According to the study, a set of nerve cells in the hypothalamus known as AgRP neurons, which emit endogenous lysophospholipids, regulate the excitability of nerve cells in the cerebral cortex, which in turn promotes appetite.
Autotaxin, an enzyme that produces lysophosphatidic acid (LPA) in the brain as a regulator of network activity, regulates the critical stage in the signalling cascade in this process. Thus, administration of autotaxin inhibitors can considerably lower obesity in animal models as well as excessive food consumption after fasting.
The study’s research article has recently appeared in Nature Metabolism.
In industrialised countries around the world, eating disorders, especially obesity, are among the main causes of a variety of illnesses, particularly cardiovascular ailments including heart attacks, diabetes, and strokes that can have fatal or lifelong consequences. In Germany, there are 67 percent of men and 53 percent of women who are overweight, according to a report from the Robert Koch Institute from 2021. Overweight adults make about 23% of the population (obese).
Medication-induced attempts to change eating habits haven’t been successful to date. In the global fight against obesity, a breakthrough medication that modifies the excitability of networks that regulate eating behaviour could be a game changer.

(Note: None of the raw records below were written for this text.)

(* For $s\in\mathbb{R}$ let $\mathcal{H}_s=\{h(z)=\sum_{n\ge0}a_nz^n:\ \|h\|_s^2=\sum_{n\ge0}(1+n)^{-s}|a_n|^2<\infty\}$. The embedding dimension of $\mathcal{H}_0$ is $1$, and for every $s<0$ the embedding dimension of $\mathcal{H}_s$ is $\infty$.
   Context: $\mathcal{H}_s$ is a reproducing kernel Hilbert space of analytic functions on the unit disc $\mathbb{D}$ with kernel $k(z,w)=\sum_{n\ge0}(1+n)^s(z\bar w)^n$; for $s\le0$ it is an irreducible complete Pick space. The embedding dimension of an RKHS on $\mathbb{D}$ with kernel $k$ is the smallest $d\in\mathbb{N}\cup\{\infty\}$ for which there exist a map $b:\mathbb{D}\to\mathbb{B}_d$ (open unit ball of $\mathbb{C}^d$, with $\mathbb{C}^\infty=\ell^2(\mathbb{N})$) and a nowhere-vanishing $\delta:\mathbb{D}\to\mathbb{C}$ with $k(z,w)=\frac{\delta(z)\overline{\delta(w)}}{1-\langle b(z),b(w)\rangle}$. *)

From Stdlib Require Import Reals.
From Coquelicot Require Import Coquelicot.
Open Scope R_scope.

Definition in_disc (z : C) : Prop := Cmod z < 1.

Definition CSeries (a : nat -> C) : C :=
  (Series (fun n => Re (a n)), Series (fun n => Im (a n))).

(* Reproducing kernel of H_s:  k_s(z,w) = sum_{n>=0} (1+n)^s (z conj w)^n. *)
Definition kern (s : R) (z w : C) : C :=
  CSeries (fun n => Cmult (RtoC (Rpower (1 + INR n) s)) (Cpow (Cmult z (Cconj w)) n)).

(* Points of the open unit ball B_d.  C^d (d : nat) is identified with the
   sequences x : nat -> C vanishing from index d on; C^oo = l^2(N) is the
   space of square-summable sequences (d = None). *)
Definition in_ball (d : option nat) (x : nat -> C) : Prop :=
  (match d with
   | Some m => forall n, (m <= n)%nat -> x n = RtoC 0
   | None => True
   end) /\
  exists r : R, is_series (fun n => Cmod (x n) ^ 2) r /\ r < 1.

Definition cinner (x y : nat -> C) : C :=
  CSeries (fun n => Cmult (x n) (Cconj (y n))).

Definition has_embedding (s : R) (d : option nat) : Prop :=
  exists (b : C -> nat -> C) (delta : C -> C),
    (forall z, in_disc z -> in_ball d (b z)) /\
    (forall z, in_disc z -> delta z <> RtoC 0) /\
    (forall z w, in_disc z -> in_disc w ->
       kern s z w = Cdiv (Cmult (delta z) (Cconj (delta w)))
                         (Cminus (RtoC 1) (cinner (b z) (b w)))).

(* The embedding dimension of H_s equals e (Some d = finite d, None = infinity):
   the least element of N u {oo} for which an embedding exists. *)
Definition emb_dim_is (s : R) (e : option nat) : Prop :=
  match e with
  | Some d => has_embedding s (Some d) /\
              forall d', (d' < d)%nat -> ~ has_embedding s (Some d')
  | None => has_embedding s None /\ forall d, ~ has_embedding s (Some d)
  end.

(* Write [kern s z w = K (z * conj w)] with [K t = sum_n (1+n)^s t^n].  For [s <= 0] the
   coefficients [(1+n)^s] are log-convex, so by Kaluza's lemma [1 - 1/K t = sum_n c_n t^n]
   with [c_0 = 0] and [c_n >= 0]; then [b z = (sqrt c_n z^n)_(n >= 1)] and [delta = 1] embed the
   kernel into the ball of l^2.  For [s = 0], [K t = 1/(1-t)], so [c = (0,1,0,0,...)] and the
   embedding is one-dimensional, while a zero-dimensional one would make [kern 0] of rank one.
   For [s < 0], an embedding into [C^d] makes [(x, y) |-> sum_n c_n (x y)^n] a kernel of rank
   at most [d + 2] on real points.  A power series giving such a kernel has only finitely many
   nonzero coefficients: a linear dependence between enough of its dilates by powers of [1/2]
   yields [c_n P (2^-n) = 0] for a nonzero polynomial [P].  But [c_n] does not vanish
   eventually, because [(1+n)^s] decreases strictly while [(1+n+M)^s / (1+n)^s -> 1]. *)

From Stdlib Require Import Reals Lra Lia Psatz Classical.
From Coquelicot Require Import Coquelicot.
Open Scope R_scope.

Lemma sum_f_R0_nonneg (f : nat -> R) N :
  (forall j, (j <= N)%nat -> 0 <= f j) -> 0 <= sum_f_R0 f N.
Proof.
  intro Hf. induction N as [|N IH]; simpl; [apply Hf; lia|].
  pose proof (Hf (S N) (le_n _)). assert (0 <= sum_f_R0 f N) by (apply IH; auto). lra.
Qed.

Lemma sum_f_R0_zero_tail (u : nat -> R) d N :
  (forall n, (d < n)%nat -> u n = 0) -> (d <= N)%nat -> sum_f_R0 u N = sum_f_R0 u d.
Proof.
  intros Hu HN. induction HN as [|N HN IH]; [reflexivity|].
  rewrite tech5, IH, Hu by lia. ring.
Qed.

Lemma Series_zero : Series (fun _ => 0) = 0.
Proof.
  rewrite (Series_ext _ (fun n => 0 * 0)) by (intro; ring).
  rewrite Series_scal_l. ring.
Qed.

Lemma ex_series_Rabs_le (u v : nat -> R) :
  (forall n, Rabs (u n) <= v n) -> ex_series v -> ex_series (fun n => Rabs (u n)).
Proof.
  intros Huv Hv. apply (ex_series_le (K := R_AbsRing) (V := R_CompleteNormedModule)) with v;
    [|exact Hv].
  intro n. change (Rabs (Rabs (u n)) <= v n). rewrite Rabs_Rabsolu. apply Huv.
Qed.

Lemma ex_series_Rabs_pseries (u : nat -> R) B x :
  (forall n, Rabs (u n) <= B) -> Rabs x < 1 -> ex_series (fun n => Rabs (u n * x ^ n)).
Proof.
  intros Hu Hx. apply ex_series_Rabs_le with (fun n => B * Rabs x ^ n).
  - intro n. rewrite Rabs_mult, <- RPow_abs.
    apply Rmult_le_compat_r; [apply pow_le, Rabs_pos | apply Hu].
  - apply (ex_series_scal_l (K := R_AbsRing) (V := R_NormedModule)), ex_series_geom.
    rewrite Rabs_Rabsolu. exact Hx.
Qed.

Lemma is_series_finite (u : nat -> R) d :
  (forall n, (d < n)%nat -> u n = 0) -> is_series u (sum_f_R0 u d).
Proof.
  intro Hu. change (is_lim_seq (sum_n u) (sum_f_R0 u d)).
  apply (is_lim_seq_ext_loc (fun _ => sum_f_R0 u d)); [|apply is_lim_seq_const].
  exists d. intros N HN. rewrite sum_n_Reals. symmetry. apply sum_f_R0_zero_tail; assumption.
Qed.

The researchers found that individuals with defective synaptic LPA signalling had higher rates of obesity and the associated type II diabetes.
Researchers led by Professors Johannes Vogt, Robert Nitsch, and Thomas Horvath have recently established that LPA plays a crucial role in the regulation of eating behaviour by controlling the excitability of neurons in the cerebral cortex. The quantity of lysophosphatidylcholine (LPC) in the blood is controlled by AgRP neurons. Through active transport, LPC travels to the brain where it is changed into LPA, a substance that is active at synapses, by the enzyme autotaxin (ATX). Specific brain networks are stimulated by synaptic LPA signals, which increases appetite.
Johannes Vogt noted that due to gene mutation and pharmacological suppression of ATX, we saw a considerable decrease in calorie intake and obesity. Therefore, our foundational discoveries about the brain’s LPA-controlled excitability, on which we have been working for years, are crucial for understanding eating behaviour.
The data demonstrate that patients with a disrupted synaptic LPA signalling pathway are more likely to be overweight and have type II diabetes, and Robert Nitsch views the findings as a significant step towards the creation of novel drugs. This strongly suggests that ATX inhibitors, which we are presently developing for use in people in collaboration with the Hans Knöll Institute in Jena, may be successful therapeutically.
These discoveries about the lysophospholipid-mediated excitation control of neural networks in eating behaviour and the novel treatment opportunities they propose may one day help treat not only eating disorders but also neurological and mental ailments.